Local tipple could be just the tonic

Four Pillars use the single distillation method for their botanicals.
Four Pillars use the single distillation method for their botanicals. Photo: Supplied

Gin and tonic could well be the drink of this year's summer. Influenced in part by the resurgence of microdistilling in Britain and the United States, there has been a boom in the popularity and production of small-batch gins in Australia.

Four Pillars Gin has just been launched by a group in the Yarra Valley, joining The West Winds Gin, commenced in Margaret River, and Melbourne Gin Company, also in the Yarra Valley.

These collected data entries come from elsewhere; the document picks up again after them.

Lemma young_weighted (C p s u x : R) : 0 < C -> 1 < p -> 1 / p + 1 / s = 1 -> 0 < u ->
  s * exp ((s - 1) * ln u) * x - C * exp (s * ln u) * rpow (Rabs x) p
  <= rpow (s / (C * p)) (s - 1).
Proof.
  intros HC Hp Hs Hu.
  assert (Hs1 := conjugate_exponent_gt1 p s Hp Hs).
  assert (Hps := conjugate_exponent_mul p s Hp Hs).
  assert (HCp : 0 < C * p) by (apply Rmult_lt_0_compat; lra).
  destruct (Rle_or_lt x 0) as [Hx | Hx].
  - assert (0 <= C * exp (s * ln u) * rpow (Rabs x) p).
    { apply Rmult_le_pos; [apply Rmult_le_pos; [lra | left; apply exp_pos] | apply rpow_ge0]. }
    assert (s * exp ((s - 1) * ln u) * x <= 0).
    { apply Rmult_le_0_l; [| exact Hx].
      apply Rmult_le_pos; [lra | left; apply exp_pos]. }
    pose proof (rpow_ge0 (s / (C * p)) (s - 1)). lra.
  - (* Young's inequality for the factorization
       [s u^(s-1) x = ((C p)^(1/p) u^(s-1) x) * (s (C p)^(-1/p))]. *)
    set (a := ln (C * p) / p + (s - 1) * ln u + ln x).
    set (b := ln s - ln (C * p) / p).
    assert (Y := young_exp p s a b Hp Hs).
    assert (Eab : exp (a + b) = s * exp ((s - 1) * ln u) * x).
    { replace (a + b) with (ln s + (s - 1) * ln u + ln x) by (unfold a, b; ring).
      rewrite !exp_plus, !exp_ln by lra. ring. }
    assert (Ea : exp (p * a) / p = C * exp (s * ln u) * rpow (Rabs x) p).
    { rewrite Rabs_right, rpowE by lra.
      replace (p * a) with (ln (C * p) + s * ln u + p * ln x)
        by (rewrite <- Hps at 1; unfold a; field; lra).
      rewrite !exp_plus, exp_ln by lra. field; lra. }
    assert (Eb : exp (s * b) / s = rpow (s / (C * p)) (s - 1)).
    { rewrite rpowE by (apply Rdiv_lt_0_compat; lra).
      rewrite ln_div by lra.
      assert (Hsp : s / p = s - 1) by (rewrite <- Hps at 1; field; lra).
      replace (s * b) with (ln s + (s - 1) * (ln s - ln (C * p))).
      2: { transitivity (s * ln s - s / p * ln (C * p)); [rewrite Hsp; ring | unfold b; field; lra]. }
      rewrite exp_plus, exp_ln by lra. field; lra. }
    lra.
Qed.

Lemma le_of_derive_nonpos (f df : R -> R) (a b : R) : a <= b ->
  (forall x, a < x -> is_derive f x (df x)) -> continuous f a ->
  (forall x, a <= x -> df x <= 0) -> f b <= f a.
Proof.
  intros Hab Hd Hc Hs.
  destruct (MVT_gen f a b df) as [c [Hc1 Hc2]];
    rewrite ?Rmin_left, ?Rmax_right in * by lra.
  - intros x Hx; apply Hd; lra.
  - intros x [[Hx | <-] _]; apply continuity_pt_filterlim; [| exact Hc].
    apply (@ex_derive_continuous R_AbsRing R_NormedModule).
    exists (df x); apply Hd; exact Hx.
  - assert (df c * (b - a) <= 0) by (apply Rmult_le_0_r; [apply Hs |]; lra).
    lra.
Qed.

Lemma continuous_mul_add (a f b : R -> R) (x : R) :
  ex_derive a x -> continuous f x -> ex_derive b x ->
  continuous (fun y => a y * f y + b y) x.
Proof.
  intros Ha Hf Hb.
  apply (@continuous_plus R_UniformSpace R_AbsRing R_NormedModule);
    [apply (@continuous_mult R_UniformSpace R_AbsRing); [| exact Hf] |];
    apply (@ex_derive_continuous R_AbsRing R_NormedModule); assumption.
Qed.

Definition extend_left (t0 : R) (f : R -> R) (y : R) : R := f (Rmax t0 y).

Lemma is_derive_extend_left (t0 : R) (f : R -> R) (x l : R) : t0 < x ->
  has_deriv_on_ge t0 f x l -> is_derive (extend_left t0 f) x l.
Proof.
  intros Hx H. apply is_derive_Reals. intros eps Heps.
  destruct (H (ball l eps) (locally_ball l (mkposreal eps Heps))) as [d Hd].
  assert (Hd0 : 0 < Rmin d (x - t0)) by (apply Rmin_pos; [apply cond_pos | lra]).
  exists (mkposreal _ Hd0). intros h Hh0 Hh. simpl in Hh.
  assert (Hhd : Rabs h < d) by (eapply Rlt_le_trans; [exact Hh | apply Rmin_l]).
  assert (Hht : Rabs h < x - t0) by (eapply Rlt_le_trans; [exact Hh | apply Rmin_r]).
  apply Rabs_def2 in Hht as [Hht1 Hht2].
  assert (Hb : ball x d (x + h)).
  { change (Rabs (x + h - x) < d). replace (x + h - x) with h by ring. exact Hhd. }
  assert (Hdom : t0 <= x + h /\ x + h <> x) by (split; [lra | intro; apply Hh0; lra]).
  specialize (Hd (x + h) Hb Hdom).
  change (Rabs ((f (x + h) - f x) / (x + h - x) - l) < eps) in Hd.
  unfold extend_left. rewrite !Rmax_right by lra.
  replace (x + h - x) with h in Hd by ring. exact Hd.
Qed.
(* Let $n\ge2$ and let $\{X_i\}_{i\in I}$ be an exhausting family of finite fully characteristic based covers of $R_n$, corresponding to subgroups $K_i=\pi_1(X_i)\le F_n$. Let $\phi\in\mathrm{End}(F_n)$ with $\phi\ne\mathrm{id}_{F_n}$. Then for some $i\in I$ the endomorphism of $H_1(X_i,\mathbb{Z})$ induced by $\phi$ is not the identity.
   Context: $F_n$ is the free group of rank $n\ge2$, identified with $\pi_1(R_n,* )$ where $R_n$ is the wedge of $n$ circles. A subgroup $K\le F_n$ is fully characteristic if $\phi(K)\subseteq K$ for all $\phi\in\mathrm{End}(F_n)$. A finite fully characteristic based cover is the connected covering $(X,x_1)\to(R_n,* )$ corresponding to a finite-index fully characteristic subgroup $K$. The family is exhausting if every $1\ne w\in F_n$ has nontrivial image in some quotient $F_n/K_i$ (i.e. $\bigcap_i K_i=\{1\}$). The endomorphism of $H_1(X_i,\mathbb{Z})\cong K_i^{ab}$ induced by $\phi$ is the abelianization of $\phi|_{K_i}$. *)

(* The free group F_n is modelled as reduced words over the
   alphabet 'I_n * bool (generator i, with bool = true meaning the inverse). *)
From mathcomp Require Import ssreflect ssrfun ssrbool eqtype ssrnat seq fintype.
Set Implicit Arguments. Unset Strict Implicit. Unset Printing Implicit Defensive.

Section FreeGroup.
Variable n : nat.

Definition letter := ('I_n * bool)%type.
Definition linv (x : letter) : letter := (x.1, ~~ x.2).

Fixpoint reduce (w : seq letter) : seq letter :=
  match w with
  | [::] => [::]
  | x :: w' =>
      match reduce w' with
      | [::] => [:: x]
      | y :: w'' => if y == linv x then w'' else x :: y :: w''
      end
  end.

Fixpoint reducedb (w : seq letter) : bool :=
  match w with
  | x :: ((y :: _) as w') => (y != linv x) && reducedb w'
  | _ => true
  end.
(* Let $C\subset\mathbb{R}^d$ be an origin-symmetric $d$-polytope and let $\Lambda\subset\mathbb{R}^d$ be a $d$-dimensional lattice, and let $C^\star=\{y: x\cdot y\le1\ \forall x\in C\}$ be the polar body. (1) The width directions of $C$ with respect to $\Lambda$ are exactly the diameter directions of $C^\star$ with respect to $\Lambda^\star$. (2) $C$ is lattice reduced with respect to $\Lambda$ if and only if $C^\star$ is lattice complete with respect to $\Lambda^\star$.
   Context: A lattice $\Lambda\subset\mathbb{R}^d$ is a discrete subgroup spanning $\mathbb{R}^d$; $\Lambda^\star=\{y: x\cdot y\in\mathbb{Z}\ \forall x\in\Lambda\}$ is its dual lattice. For a convex body $K$ (compact convex, non-empty interior) and a lattice $\Gamma$: the lattice width is $\mathrm{wdt}_\Gamma(K)=\min_{y\in\Gamma^\star\setminus\{0\}}\max_{a,b\in K}y\cdot(a-b)$, and width directions are the $y\in\Gamma^\star\setminus\{0\}$ attaining it. A segment $[a,b]$ is a lattice segment w.r.t. $\Gamma$ if $b-a$ is parallel to a nonzero vector of $\Gamma$; its lattice length is $|b-a|/|v|$ with $v$ the generator of $\Gamma\cap\mathrm{span}\{b-a\}$ that is a positive multiple of $b-a$; $\mathrm{diam}_\Gamma(K)$ is the maximal lattice length of a lattice segment in $K$; diameter directions are the $v\in\Gamma\setminus\{0\}$ such that $K$ contains a segment $[a,a+\mathrm{diam}_\Gamma(K)v]$. $K$ is lattice reduced w.r.t. $\Gamma$ if no convex body $K'\subsetneq K$ has the same lattice width; lattice complete if no convex body $K'\supsetneq K$ has the same lattice diameter. *)

(* Points of R^d are row vectors 'rV[R]_d,
   R : realType; the topology on 'rV[R]_d is the (product = Euclidean) one
   provided by MathComp-Analysis. *)
From mathcomp Require Import all_boot all_algebra all_classical all_reals all_analysis.
Set Implicit Arguments. Unset Strict Implicit. Unset Printing Implicit Defensive.
Import GRing.Theory Num.Theory numFieldNormedType.Exports.
Local Open Scope ring_scope.
Local Open Scope classical_set_scope.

Distilled gin is a neutral base spirit typically distilled from grain mash, which is then distilled again in the presence of juniper berries and other botanicals (plant-derived ingredients) to give a gin its flavour profile. Distillers use a combination of botanicals to give their gins depth and complexity.

While juniper dominates the flavour of traditional London Dry style gins, new-wave distillers are experimenting to produce gins in which juniper is just one of many flavours.

In Australia, explains Gin Palace bartender Shaun Byrne, distillers are turning to native botanicals to give their gins a point of difference.

This is no cynical marketing gimmick. Native botanicals provide flavours and textures that cannot be obtained with traditional botanicals. Native lime, used by Phillip Moore at Distillery Botanica in NSW, lends a refined citrus character similar to Tahitian lime and grapefruit. Lemon myrtle offers a softer, lemonade icypole-like alternative to lemon peel.

Artisans: Stuart Gregor (left), Cameron Mackenzie and Matt Jones, of Four Pillars.
Artisans: Stuart Gregor (left), Cameron Mackenzie and Matt Jones, of Four Pillars. Photo: Supplied

The ways botanicals are distilled into gin affect the finished product. Gins produced according to the London Dry method add all the botanicals in a single distillation, but some distillers prefer to distil with individual botanicals, blending the results to create the desired characteristics.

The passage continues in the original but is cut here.